## WORK INSTRUCTION:
Give back each line of the material that contains the word "Import".

## DATASET:
(* Let $\mathcal O$ be the suboperad of $\mathrm{CNCB}$ generated by $a:=T_{bbb}$ and $c:=T_{buu}$. Then $\mathcal O$ admits the presentation with generators $a,c$ of arity $2$ and relations $$(c\circ_2 a)\circ_3 c = (c\circ_1 c)\circ_2 a,\qquad (a\circ_2 c)\circ_3 a=(a\circ_1 c)\circ_2 a.$$ That is, the operad morphism from the free operad on two binary generators $\alpha,\gamma$ to $\mathcal O$, sending $\alpha\mapsto a$ and $\gamma\mapsto c$, induces an isomorphism between $\mathcal O$ and the quotient of the free operad by the operadic congruence generated by $(\gamma\circ_2\alpha)\circ_3\gamma\equiv(\gamma\circ_1\gamma)\circ_2\alpha$ and $(\alpha\circ_2\gamma)\circ_3\alpha\equiv(\alpha\circ_1\gamma)\circ_2\alpha$.
   Context: For $n\ge2$, a bicoloured noncrossing configuration (BNC) of size $n$ is a regular polygon with vertices $1,\dots,n+1$ clockwise, together with disjoint sets of blue and red arcs among the arcs $(i,j)$, $1\le i<j\le n+1$. The arcs $(i,i+1)$ are the edges ($i$th edge), $(1,n+1)$ is the base, and the others are diagonals. Coloured arcs are pairwise noncrossing ($(i,j),(k,l)$ cross iff $i<k<j<l$ or $k<i<l<j$), and red arcs are diagonals. There is one BNC of size $1$, a blue segment, which is the unit. The operad $\mathrm{CNCB}$ has the BNCs as elements (arity = size). Its composition $\mathfrak C\circ_i\mathfrak D$ ($\mathfrak C$ of size $n$, $\mathfrak D$ of size $m$) glues the base of $\mathfrak D$ on the $i$th edge of $\mathfrak C$. Arcs $(a,b)$ of $\mathfrak C$ become $(\sigma(a),\sigma(b))$ with $\sigma(v)=v$ for $v\le i$ and $v+m-1$ otherwise, and arcs $(a,b)$ of $\mathfrak D$ become $(a+i-1,b+i-1)$, keeping colours. The exception is the arc $(i,i+m)$, which is red if the $i$th edge of $\mathfrak C$ and the base of $\mathfrak D$ are both uncoloured, blue if both are blue, and uncoloured otherwise. For $x,y,z\in\{b,u\}$, $T_{xyz}$ denotes the BNC of size $2$ (a triangle with vertices $1,2,3$) whose first edge $(1,2)$ has colour $x$, whose base $(1,3)$ has colour $y$, and whose second edge $(2,3)$ has colour $z$, where $b$ = blue and $u$ = uncoloured. The suboperad generated by a set is the smallest suboperad containing it. *)

From HB Require Import structures.
From mathcomp Require Import all_boot.
Set Implicit Arguments. Unset Strict Implicit. Unset Printing Implicit Defensive.

Inductive color := Unc | Blue | Red.

Definition color_eqb (x y : color) : bool :=
  match x, y with
  | Unc, Unc | Blue, Blue | Red, Red => true | _, _ => false end.
Lemma color_eqP : Equality.axiom color_eqb.
Proof. by case; case; constructor. Qed.
HB.instance Definition _ := hasDecEq.Build color color_eqP.

(* ---------- Bicoloured configurations ----------
   A configuration of size n (vertices 1..n+1) is stored as the pair
   (n, list of the colours of the arcs (i,j), 1 <= i < j <= n+1,
   listed in the fixed order [arcs n]).  Equality is thus extensional. *)
Definition arcs (n : nat) : seq (nat * nat) :=
  flatten [seq [seq (i, j) | j <- iota i.+1 (n.+1 - i)] | i <- iota 1 n.+1].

## YOUR SOLUTION:
From HB Require Import structures.
From mathcomp Require Import all_boot.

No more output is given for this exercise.